(* Let $N\geq 1$ and let $f\in C^1(\mathbb{R})$ satisfy $f(0)=0$ and suppose there exists $\delta>0$ such that $f'(s)\leq 0$ for all $|s|<\delta$. Let $u_1,u_2\in C^2(\mathbb{R}^N)$ be two distinct classical solutions of $$\Delta u+f(u)=0\quad\text{in }\mathbb{R}^N,\qquad u(x)\to 0\ \text{as }|x|\to\infty,$$ with $u_1\not\equiv 0$ and $u_2\not\equiv 0$, and assume that at least one of $u_1,u_2$ changes sign in $\mathbb{R}^N$. Then $u_1-u_2$ changes sign, i.e. there exist $x,y\in\mathbb{R}^N$ with $u_1(x)-u_2(x)>0$ and $u_1(y)-u_2(y)<0$. *)

From HB Require Import structures.
From mathcomp Require Import all_boot all_order all_algebra.
From mathcomp Require Import all_classical all_reals all_analysis.
Set Implicit Arguments. Unset Strict Implicit. Unset Printing Implicit Defensive.
Import Order.TTheory GRing.Theory Num.Theory.
Import numFieldNormedType.Exports.
Local Open Scope ring_scope.

Definition basis_vec {R : realType} {N : nat} (i : 'I_N) : 'rV[R]_N :=
  delta_mx 0 i.

Definition partial {R : realType} {N : nat} (i : 'I_N)
  (u : 'rV[R]_N -> R) : 'rV[R]_N -> R :=
  fun x => 'D_(basis_vec i) u x.

Definition laplacian {R : realType} {N : nat} (u : 'rV[R]_N -> R) :
  'rV[R]_N -> R :=
  fun x => \sum_(i < N) partial i (partial i u) x.

Definition C2 {R : realType} {N : nat} (u : 'rV[R]_N -> R) : Prop :=
  (forall x, differentiable u x) /\
  (forall (i : 'I_N) x, differentiable (partial i u) x) /\
  (forall (i j : 'I_N), continuous (partial j (partial i u))).

Definition C1 {R : realType} (f : R -> R) : Prop :=
  (forall s, derivable f s 1) /\ continuous (derive1 f).

Definition vanishes_at_infinity {R : realType} {N : nat}
  (u : 'rV[R]_N -> R) : Prop :=
  forall eps : R, 0 < eps ->
    exists M : R, forall x : 'rV[R]_N, M < `|x| -> `|u x| < eps.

→ WHAT IS NEEDED: Every line of the entries above that contains the word "Prop" must be tallied, and the number alone reported.

→ OUTPUT OF THE EXERCISE: 3